The story goes that J.J. Culbertson, on his first trip back to Europe after WWI, acquired the fountain sculpture. He ran across the sculptor in Paris. Richard Aigner of Munich had come to Paris to cast the sculpture, commissioned by a Bavarian nobleman for his estate. It was designed for a particular spot. A pool was to be the front piece for a planted background and the fountain the principal figure in it. At that time, Aigner was broke, his commission invalidated by the war’s outcome, and an expensive bronze figure his only asset. Culbertson visualized it adorning the garden of his Oklahoma City home on Ashton Place. The sculpture was packaged and crated through U.S. Customs, shipped from Paris to New York to Oklahoma City which was troublesome and expensive. Once the sculpture was at his home, one look told him it was too heroic in size for a small garden. So he donated it to the City of Oklahoma City. Not having a suitable spot for the sculpture, the Park Commission temporarily held it at Culbertson Park for 25 years until it was moved to Will Rogers Gardens.

Additional Gardens

The Living Legacy Garden, located north of the Garden Exhibition Building, was dedicated as a part of the city’s celebration of the Bicentennial anniversaries for our nation’s independence on July 4, 1776 along with the signing of the U.S. Constitution on September 17,1787.

The Xeriscape Garden, created in 1991, demonstrated water conservation landscaping, and horticultural techniques. It featured plants that thrive on local rainfall, or efficient irrigation systems and other xeriscape practices such as soil improvement, hardscape and mulches.

The Shepherd Garden was constructed in 1964 on a sloping embankment on the East Lake. A bronze plaque commemorates this garden dedicated to the Charter members of the Garden Flower Club. The garden, including the foot bridge crossing the East Lake creek, was a gift from the Shepherd foundation.

In 1967, Henry Walter, with the help of OKC Council of Garden Clubs, obtained a Sears grant to help purchase 500 plants and a sprinkling system. From other grants and donations from Warren’s Nursery, Mr. Walter planted additional azaleas to enlarge the trail to 2,500 azaleas.
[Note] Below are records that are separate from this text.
(* The inverse [x] of [e f] is idempotent and equals [f x e]; being its own
   inverse, it coincides with [e f]. *)
Lemma idemM (e f : S) :
  e ** e = e -> f ** f = f -> (e ** f) ** (e ** f) = e ** f.
Proof.
move=> ee ff; set x := sinv (e ** f).
have fxe : f ** x ** e = x.
  apply: sinv_uniq.
  - rewrite -[RHS](sinv_inv1 _ (e ** f)) -!smulA.
    by rewrite !(idemKl _ ff) !(idemKl _ ee).
  - transitivity (f ** (x ** (e ** f) ** x) ** e); last by rewrite sinv_inv2.
    by rewrite -!smulA !(idemKl _ ff) !(idemKl _ ee).
have xx : x ** x = x.
  transitivity (f ** (x ** (e ** f) ** x) ** e); last by rewrite sinv_inv2.
  by rewrite -{1 2}fxe -!smulA.
by rewrite -[e ** f]sinvK -/x sinv_idem.
Qed.

Lemma idemC (e f : S) : e ** e = e -> f ** f = f -> e ** f = f ** e.
Proof.
move=> ee ff; have ef := idemM ee ff; have fe := idemM ff ee.
suff -> : f ** e = sinv (e ** f) by rewrite sinv_idem.
apply: sinv_uniq.
- by rewrite -[RHS]ef -!smulA (idemKl _ ff) (idemKl _ ee).
- by rewrite -[RHS]fe -!smulA (idemKl _ ee) (idemKl _ ff).
Qed.

Lemma idem_conj (s f : S) :
  f ** f = f -> (s ** f ** sinv s) ** (s ** f ** sinv s) = s ** f ** sinv s.
Proof.
move=> ff; transitivity (s ** (f ** (sinv s ** s)) ** f ** sinv s).
  by rewrite -!smulA.
by rewrite (idemC ff (sinv_mul_idem s)) -!smulA (idemKl _ ff) !smulA sinv_inv1.
Qed.

Lemma idem_nle (f e : S) : f ** f = f -> e ** e = e -> e ** f = f -> nle f e.
Proof. by move=> ff ee ef; exists f; split; last by rewrite -(idemC ee ff). Qed.

Lemma range_idem_mul (e s : S) :
  e ** e = e -> (s ** sinv s) ** (e ** s) = e ** s.
Proof.
move=> ee.
have -> : e ** s = e ** (s ** sinv s) ** s by rewrite -smulA sinv_inv1.
by rewrite (idemC ee (mul_sinv_idem s)) smulA (idemKl _ (mul_sinv_idem s)).
Qed.

Lemma nle_range (u s w : S) :
  nle u s -> (u ** w) ** (u ** w) = u ** w -> nle (u ** w) (s ** sinv s).
Proof.
move=> [e [[_ ee] ->]] uw_idem; apply: idem_nle uw_idem (mul_sinv_idem s) _.
by rewrite smulA range_idem_mul.
Qed.

Lemma nle_idem_mull (e s : S) : e ** e = e -> nle (e ** s) s.
Proof. by move=> ee; exists e. Qed.

Lemma nle_mull (e x z : S) : e ** e = e -> nle x z -> nle (e ** x) z.
Proof.
move=> ee [f [[_ ff] ->]]; exists (e ** f); split; last by rewrite smulA.
by split; last exact: idemM.
Qed.

Lemma mul_neq0l (a b : S) : a ** b <> szero -> a <> szero.
Proof. by move=> ab0 a0; apply: ab0; rewrite a0 smul0l. Qed.

Lemma mul_neq0r (a b : S) : a ** b <> szero -> b <> szero.
Proof. by move=> ab0 b0; apply: ab0; rewrite b0 smul0r. Qed.

Lemma nle_neq0 (u s : S) : nle u s -> u <> szero -> s <> szero.
Proof. by move=> [e [_ ->]]; apply: mul_neq0r. Qed.

Lemma range_neq0 (s : S) : s <> szero -> s ** sinv s <> szero.
Proof. by move=> s0 r0; apply: s0; rewrite -(sinv_inv1 _ s) r0 smul0l. Qed.

Lemma sinv_neq0 (s : S) : s <> szero -> sinv s <> szero.
Proof.
by move=> s0 s'0; apply: s0; rewrite -(sinv_inv1 _ s) s'0 smul0r smul0l.
Qed.

End InverseSemigroup.

Lemma ginv_unique (G : Group) (a b : G) : gmul a b = gone -> b = ginv a.
Proof. by move=> ab; rewrite -(gmul1l _ b) -(gmulVl _ a) -gmulA ab gmul1r. Qed.

Lemma ginvK (G : Group) (a : G) : ginv (ginv a) = a.
Proof. by symmetry; apply: ginv_unique; apply: gmulVl. Qed.

Section Grading.
Variables (S : ISG) (G : Group) (phi : S -> G).
Hypothesis phi_grading : grading phi.

Lemma grading_idem (e : S) : e <> szero -> smul e e = e -> phi e = gone.
Proof. by move=> e0 ee; apply/(proj1 phi_grading). Qed.

Lemma grading_sinv (s : S) : s <> szero -> phi (sinv s) = ginv (phi s).
Proof.
move=> s0; have r0 := range_neq0 s0.
apply: ginv_unique; rewrite -(proj2 phi_grading _ _ r0).
exact: grading_idem (mul_sinv_idem s).
Qed.

Lemma grading_idem_mull (e s : S) :
  smul e e = e -> smul e s <> szero -> phi (smul e s) = phi s.
Proof.
move=> ee es0; rewrite (proj2 phi_grading _ _ es0).
by rewrite (grading_idem (mul_neq0l es0) ee) gmul1l.
Qed.

Lemma grading_idem_mulr (s e : S) :
  smul e e = e -> smul s e <> szero -> phi (smul s e) = phi s.
Proof.
move=> ee se0; rewrite (proj2 phi_grading _ _ se0).
by rewrite (grading_idem (mul_neq0r se0) ee) gmul1r.
Qed.

Lemma grading_nle (u s : S) : nle u s -> u <> szero -> phi s = phi u.
Proof. by move=> [e [[_ ee] ->]] es0; rewrite grading_idem_mull. Qed.

Lemma grading_idem_sandwich (x s y : S) : smul x x = x -> smul y y = y ->
  smul (smul x s) y <> szero -> phi (smul (smul x s) y) = phi s.
Proof.
move=> xx yy xsy0; rewrite grading_idem_mulr // grading_idem_mull //.
exact: mul_neq0l xsy0.
Qed.

End Grading.

Section TightFilters.
Variables (S : ISG) (E : S -> Prop).

Lemma tight_mul (F : S -> Prop) x y : tight E F -> F x -> F y -> F (smul x y).
Proof. by move=> [[_ [_ [_ [_ Fmul]]]] _]; apply: Fmul. Qed.

Lemma tight_up (F : S -> Prop) x y : tight E F -> F x -> E y -> nle x y -> F y.
Proof. by move=> [[_ [_ [_ [Fup _]]]] _]; apply: Fup. Qed.

Lemma tight_neq0 (F : S -> Prop) : tight E F -> ~ F szero.
Proof. by move=> [[_ [_ []]]]. Qed.

Lemma V_szero : incl (V E szero) (empty S).
Proof. by move=> F [/tight_neq0]. Qed.

Lemma V_incl x y : E y -> nle x y -> incl (V E x) (V E y).
Proof.
by move=> Ey xy F [Ft Fx]; split; last exact: tight_up Ft Fx Ey xy.
Qed.

End TightFilters.

Lemma V_mul (S : ISG) (P : S -> Prop) x y : Idem P x -> Idem P y ->
  inter (V (Idem P) x) (V (Idem P) y) = V (Idem P) (smul x y).
Proof.
move=> Px Py; apply: funext => F; apply: propext; split.
  by move=> [[Ft Fx] [_ Fy]]; split; last exact: tight_mul Ft Fx Fy.
move=> [Ft Fxy]; split; split => //.
  apply: (tight_up Ft Fxy Px).
  by rewrite (idemC (proj2 Px) (proj2 Py)); apply: nle_idem_mull; case: Py.
by apply: (tight_up Ft Fxy Py); apply: nle_idem_mull; case: Px.
Qed.

Lemma mem_In (T : eqType) (x : T) (s : seq T) : x \in s -> In x s.
Proof.
by elim: s => [|y s IH] //=; rewrite in_cons => /orP [/eqP ->|/IH]; auto.
Qed.

(* [compact_cover] is only available for pointed spaces. *)
HB.instance Definition _ (T : Type) :=
  isPointed.Build (prod_topology (fun _ : T => bool)) (fun _ => false).

Section TightSpectrumCompact.
Variables (S : ISG) (E : S -> Prop).

Local Notation X := (prod_topology (fun _ : {classic S} => bool)).

Definition pattern (xs ys : seq S) : set X :=
  [set f | Forall (fun x => f x) xs /\ Forall (fun y => ~ f y) ys].

Lemma open_coord (x : S) (P : set bool) : open [set f : X | P (f x)].
Proof.
apply: (@open_comp _ _ (fun f : X => f x) P); last exact: discrete_open.
by move=> f _; apply: proj_continuous.
Qed.

Lemma pattern_consl x xs ys :
  pattern (x :: xs) ys = [set f : X | f x] `&` pattern xs ys.
Proof.
apply: funext => f; apply: propext; rewrite /pattern /setI /= Forall_cons_iff.
by split=> [[[]]|[? []]].
Qed.

Lemma pattern_consr y xs ys :
  pattern xs (y :: ys) = [set f : X | ~ f y] `&` pattern xs ys.
Proof.
apply: funext => f; apply: propext; rewrite /pattern /setI /= Forall_cons_iff.
by split=> [[? []]|[? []]].
Qed.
The Rock Garden was designed and planted from 1952-1954. The tiers of red sandstone boulders were dragged into place by teams of horses and placed to form a naturalistic amphitheater. It showcased perennials and native wildflowers planted in the pockets formed between boulders. Because of the growth of trees in the area that have shaded out many areas, it has not been planted for many years.

Specialty Beds

Traditionally created in 1937 and made possible through the efforts of local garden groups, these beds contain many varieties of perennials, from new hybrids to old classics.

  • Daylilies – June is the best time to view these beauties in bloom. The collection is cared for by the Central Oklahoma Hemerocallis Society.
  • Iris – April is the best time to enjoy, and reblooming varieties appearing again in late October. This specialty bed is tended by Oklahoma Iris Society.
  • Peony Garden – The oldest specialty bed; blooms appear around mid-April. The area is marked by a plaque in memory of Opal Brown Hamilton, a well-known local hybridizer, specializing in developing iris for late season blooms.
  • Herb Garden – surrounds the gazebo, displaying herbs used for culinary, medicinal, cosmetic, and aromatic purposes. Maintained by the Oklahoma City Herb Club.